The refuge represented a “stark choice in terms of which direction we go for our energy future,” he told The Independent.
“Do we want to spoil these wild landscapes in our last grasp at an oil economy, or do we make a pivot?” he added.
The region is a poster child for the climate crisis. September saw Arctic sea ice shrink to its second-lowest extent since satellite records began and temperatures in 2020 have been 14-18F (8-10C) warmer than average, NASA reported.
Launching major oil and gas development in the region feels like shuffling-deckchairs-on-the-Titanic levels of hubris.
Even the banking sector, with its continued propping up of the fossil fuel industry, is largely sitting this one out. TD Bank, Barclays, Goldman Sachs, Wells Fargo, Morgan Stanley, and JP Morgan Chase are among the financial institutions who have said they will not finance oil and gas activities in the Arctic region.
President-elect Biden is firmly opposed to drilling in the ANWR, and has promised to ban new oil and gas permits on public lands.
While there are political levers — the new president could pull to reverse 11th-hour lease sales (not to mention the four separate lawsuits challenging drilling in the refuge) — Kolton warned against “taking anything for granted”. If the Trump administration manages to formally issue leases to buyers, it could complicate matters. Trump officials are looking into how to speed up processing bids that usually take two months of vetting.
Jamming through last-minute regulations could also slow the Biden team’s plans to ramp up climate and environmental policy right away.
If Republicans retain control of the Senate following the two Georgia run-off elections in January, it is unlikely they would use the Congressional Review Act — which can repeal regulations by the exiting administration — to find in Biden’s favour.

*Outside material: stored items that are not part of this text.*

(* Every finitely generated infinite amenable group is extraterrestrial.
   Context: A finitely generated group is extraterrestrial if its Cayley graph $\mathrm{Cay}(\Gamma,S)$ with respect to some (equivalently any) finite symmetric generating set $S$ is extraterrestrial. A graph $G=(V,E)$ is extraterrestrial if for every $m\in\mathbb N$ there exists $k\in\mathbb N$ such that for every $r\in\mathbb N$ there exists an $(m,k,r)$-UFO: a triple $(U,F,O)$ of pairwise disjoint finite subsets of $V$ with $U\neq\emptyset$ such that $|U|\ge m|F|$, there is a bijection $\mu:U\to O$ with $d_G(u,\mu(u))\le k$ for all $u$, and every path (sequence of distinct vertices with consecutive ones adjacent) from a vertex of $U$ to a vertex of $O$ either contains a vertex of $F$ or has length at least $r$. *)

From Stdlib Require Import Reals List Arith.
Import ListNotations.
Open Scope R_scope.

Record IsGroup {G : Type} (mul : G -> G -> G) (inv : G -> G) (e : G) : Prop := {
  grp_assoc : forall x y z, mul x (mul y z) = mul (mul x y) z;
  grp_idl : forall x, mul e x = x;
  grp_idr : forall x, mul x e = x;
  grp_invl : forall x, mul (inv x) x = e;
  grp_invr : forall x, mul x (inv x) = e }.

Definition InfiniteType (G : Type) : Prop :=
  ~ exists l : list G, forall x, In x l.

Definition Symmetric {G : Type} (inv : G -> G) (S : list G) : Prop :=
  forall s, In s S -> In (inv s) S.

Definition Generates {G : Type} (mul : G -> G -> G) (inv : G -> G) (e : G)
  (S : list G) : Prop :=
  forall g, exists l : list G,
    Forall (fun t => In t S \/ In (inv t) S) l /\ g = fold_right mul e l.

Definition FinitelyGenerated {G : Type} (mul : G -> G -> G) (inv : G -> G)
  (e : G) : Prop :=
  exists S : list G, Generates mul inv e S.

Definition Amenable {G : Type} (mul : G -> G -> G) (inv : G -> G) : Prop :=
  exists m : (G -> Prop) -> R,
    (forall A, 0 <= m A) /\
    m (fun _ => True) = 1 /\
    (forall A B, (forall x, ~ (A x /\ B x)) ->
        m (fun x => A x \/ B x) = m A + m B) /\
    (forall g A, m (fun x => A (mul (inv g) x)) = m A).

Definition cayley_adj {G : Type} (mul : G -> G -> G) (S : list G) (x y : G) : Prop :=
  x <> y /\ exists s, In s S /\ y = mul x s.

Fixpoint dist_le {V : Type} (adj : V -> V -> Prop) (k : nat) (u v : V) : Prop :=
  match k with
  | O => u = v
  | S k' => u = v \/ exists w, adj u w /\ dist_le adj k' w v
  end.

Fixpoint chain {V : Type} (adj : V -> V -> Prop) (x : V) (l : list V) : Prop :=
  match l with
  | [] => True
  | y :: l' => adj x y /\ chain adj y l'
  end.

(** The path u :: l (distinct vertices, consecutive adjacent) from u to
    [last l u]; its length is [length l]. *)
Definition is_path {V : Type} (adj : V -> V -> Prop) (u : V) (l : list V) : Prop :=
  NoDup (u :: l) /\ chain adj u l.

Definition disjoint_lists {V : Type} (A B : list V) : Prop :=
  forall x, In x A -> ~ In x B.

(** (m,k,r)-UFO; finite vertex sets are given as duplicate-free lists. *)
Definition UFO {V : Type} (adj : V -> V -> Prop) (m k r : nat)
  (U F O : list V) : Prop :=
  NoDup U /\ NoDup F /\ NoDup O /\
  disjoint_lists U F /\ disjoint_lists U O /\ disjoint_lists F O /\
  U <> [] /\
  (m * length F <= length U)%nat /\
  (exists mu : V -> V,
      (forall u, In u U -> In (mu u) O) /\
      (forall u1 u2, In u1 U -> In u2 U -> mu u1 = mu u2 -> u1 = u2) /\
      (forall o, In o O -> exists u, In u U /\ mu u = o) /\
      (forall u, In u U -> dist_le adj k u (mu u))) /\
  (forall u l, In u U -> is_path adj u l -> In (last l u) O ->
      (exists x, In x (u :: l) /\ In x F) \/ (r <= length l)%nat).

Definition Extraterrestrial {V : Type} (adj : V -> V -> Prop) : Prop :=
  forall m : nat, exists k : nat, forall r : nat,
    exists U F O : list V, UFO adj m k r U F O.

(** A finitely generated group is extraterrestrial: its Cayley graph w.r.t.
    a finite symmetric generating set is extraterrestrial.  We use the
    "any generating set" form of the definition. *)
Definition ExtraterrestrialGroup {G : Type} (mul : G -> G -> G) (inv : G -> G)
  (e : G) : Prop :=
  forall S : list G, Symmetric inv S -> Generates mul inv e S ->
    Extraterrestrial (cayley_adj mul S).

(* An invariant mean rules out strong isoperimetry: if |X| <= N |∂X| for
   every finite X, then balls of radius N double every finite set, Hall's
   theorem and a compactness argument give a map x |-> (x t1(x), x t2(x))
   that is injective with disjoint halves, and the reflected mean would give
   its image mass 2.  Hence there are Følner sets, and by descent a set A
   whose boundary, of size beta, cannot be halved by any set that is not much
   smaller than A.  Match points of A greedily with points at distance <= k
   outside A ∪ ∂A.  If the matching has at least (m+1) beta edges, its two
   sides with F = ∂A form a UFO.  Otherwise the unmatched part of A could be
   thickened k times inside A ∪ ∂A ∪ (matched outside points), gaining
   beta/2 points at each step, which is impossible for k = 4(m+1)+2. *)

From Stdlib Require Import Reals List.
From Stdlib Require Import Bool Arith Lia Lra Classical ClassicalEpsilon.
From Stdlib Require Import FunctionalExtensionality PropExtensionality.
Import ListNotations.
Local Open Scope nat_scope.

Definition dec {X : Type} (x y : X) : {x = y} + {x <> y} :=
  excluded_middle_informative (x = y).

Definition card {X : Type} (l : list X) : nat := length (nodup dec l).

Definition inb {X : Type} (x : X) (l : list X) : bool :=
  if in_dec dec x l then true else false.

Definition setminus {X : Type} (l1 l2 : list X) : list X :=
  filter (fun x => negb (inb x l2)) l1.

Section FiniteSets.
Context {X : Type}.
Implicit Types (l : list X) (x : X).

Lemma in_setminus x l1 l2 : In x (setminus l1 l2) <-> In x l1 /\ ~ In x l2.
Proof.
  unfold setminus, inb. rewrite filter_In.
  destruct (in_dec dec x l2); simpl; intuition discriminate.
Qed.

Lemma length_setminus_lt x l1 l2 :
  In x l1 -> In x l2 -> length (setminus l1 l2) < length l1.
Proof.
  intros H1 H2. unfold setminus. pose proof (filter_length_le (fun y => negb (inb y l2)) l1).
  enough (length (filter (fun y => negb (inb y l2)) l1) <> length l1) by lia.
  intros Heq. apply filter_length_forallb in Heq. rewrite forallb_forall in Heq.
  specialize (Heq x H1). unfold inb in Heq.
  destruct (in_dec dec x l2); [discriminate | contradiction].
Qed.

Lemma card_incl l1 l2 : incl l1 l2 -> card l1 <= card l2.
Proof.
  intros H. apply NoDup_incl_length; [apply NoDup_nodup|].
  intros x Hx. apply nodup_In, H, (nodup_In dec). exact Hx.
Qed.

Lemma card_le_length l : card l <= length l.
Proof.
  apply NoDup_incl_length; [apply NoDup_nodup|].
  intros x Hx. apply (nodup_In dec). exact Hx.
Qed.

Lemma card_NoDup l : NoDup l -> card l = length l.
Proof. intros H. unfold card. rewrite nodup_fixed_point; auto. Qed.

Lemma card_app_le l1 l2 : card (l1 ++ l2) <= card l1 + card l2.
Proof.
  unfold card at 2 3. rewrite <- length_app.
  etransitivity; [|apply card_le_length]. apply card_incl.
  intros x. rewrite !in_app_iff, !nodup_In. tauto.
Qed.

Lemma card_app_disjoint l1 l2 :
  (forall x, In x l1 -> ~ In x l2) -> card (l1 ++ l2) = card l1 + card l2.
Proof.
  intros H. apply Nat.le_antisymm; [apply card_app_le|].
  unfold card at 1 2. rewrite <- length_app, <- card_NoDup.
  - apply card_incl. intros x. rewrite !in_app_iff, !nodup_In. tauto.
  - apply NoDup_app; try apply NoDup_nodup.
    intros x Hx1 Hx2. rewrite nodup_In in Hx1, Hx2. exact (H x Hx1 Hx2).
Qed.

Lemma card_eq0 l : card l = 0 -> l = [].
Proof.
  destruct l as [|x l]; [reflexivity|]. unfold card. intros H.
  apply length_zero_iff_nil in H.
  assert (Hx : In x (nodup dec (x :: l))) by (apply nodup_In; left; reflexivity).
  rewrite H in Hx. destruct Hx.
Qed.

End FiniteSets.

Lemma NoDup_map_inj {X Y : Type} (f : X -> Y) l x y :
  NoDup (map f l) -> In x l -> In y l -> f x = f y -> x = y.
Proof.
  induction l as [|a l IH]; intros Hnd Hx Hy Hf; [destruct Hx|].
  inversion Hnd as [|? ? Ha Hnd']; subst.
  destruct Hx as [<-|Hx], Hy as [<-|Hy]; auto;
    exfalso; apply Ha; [rewrite Hf | rewrite <- Hf]; apply in_map; assumption.
Qed.

Lemma NoDup_fst_function {X Y : Type} (y0 : Y) (Ms : list (X * Y)) :
  NoDup (map fst Ms) -> exists mu : X -> Y, forall p, In p Ms -> mu (fst p) = snd p.
Proof.
  induction Ms as [|p Ms IH]; intros Hnd.
  - exists (fun _ => y0). intros ? [].
  - inversion Hnd as [|? ? Hp Hnd']; subst. destruct (IH Hnd') as [mu Hmu].
    exists (fun x => if dec x (fst p) then snd p else mu x).
    intros q Hq. destruct (dec (fst q) (fst p)) as [E|E].
    + destruct Hq as [<-|Hq]; [reflexivity|]. exfalso. apply Hp. rewrite <- E. apply in_map, Hq.
    + destruct Hq as [<-|Hq]; [contradiction | auto].
Qed.

Lemma exists_least (P : nat -> Prop) :
  (exists n, P n) -> exists n, P n /\ forall j, j < n -> ~ P j.
Proof.
  intros [n Hn]. induction n as [n IH] using lt_wf_ind.
  destruct (classic (exists j, j < n /\ P j)) as [[j [Hj HPj]]|Hno]; [exact (IH j Hj HPj)|].
  exists n. split; [exact Hn|]. intros j Hj HPj. apply Hno. eauto.
Qed.

Lemma eventually_forall_in {X : Type} (L : list X) (P : X -> nat -> Prop) :
  (forall c, In c L -> exists M, forall n, M <= n -> P c n) ->
  exists M, forall c, In c L -> forall n, M <= n -> P c n.
Proof.
  induction L as [|a L IH]; intros H; [exists 0; intros ? []|].
  destruct (H a (or_introl eq_refl)) as [Ma HMa].
  destruct IH as [M HM]; [intros c Hc; apply H; right; exact Hc|].
  exists (Ma + M). intros c [<-|Hc] n Hn; [apply HMa | apply HM]; auto; lia.
Qed.

Lemma last_cons {X : Type} (y u : X) l : last (y :: l) u = last l y.
Proof.
  revert y u. induction l as [|z l IH]; intros y u; [reflexivity|].
  change (last (z :: l) u = last (z :: l) y). rewrite !IH. reflexivity.
Qed.

(** * Hall's marriage theorem *)

Section Hall.
Variables A B : Type.
Implicit Types (nb : A -> list B) (L Y : list A).

Definition HallCond nb L := forall Y, incl Y L -> card Y <= card (flat_map nb Y).

Definition Matching nb L (f : A -> B) :=
  (forall a, In a L -> In (f a) (nb a)) /\
  (forall a1 a2, In a1 L -> In a2 L -> f a1 = f a2 -> a1 = a2).

Definition prune nb (Z : list B) : A -> list B := fun a => setminus (nb a) Z.

Lemma HallCond_incl nb L Y : HallCond nb L -> incl Y L -> HallCond nb Y.
Proof. intros HH HY Z HZ. apply HH. intros x Hx. apply HY, HZ, Hx. Qed.

Lemma Matching_prune nb Z L f :
  Matching (prune nb Z) L f -> Matching nb L f /\ forall a, In a L -> ~ In (f a) Z.
Proof.
  intros [Him Hinj]. repeat split; auto;
    intros a Ha; specialize (Him a Ha); apply in_setminus in Him; tauto.
Qed.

And the fire sale of America’s public lands looks likely to continue to the dwindling days of the Trump term.
A potential oil and gas lease sale close to Colorado’s Chimney Rock National Monument, scheduled this month, has drawn public accusations that the Bureau of Land Management is rushing the process.
And less than a week before Inauguration Day, the bureau is auctioning off prized parcels for oil and gas leasing in New Mexico, where environmental groups have raised concerns over the regions high levels of air pollution.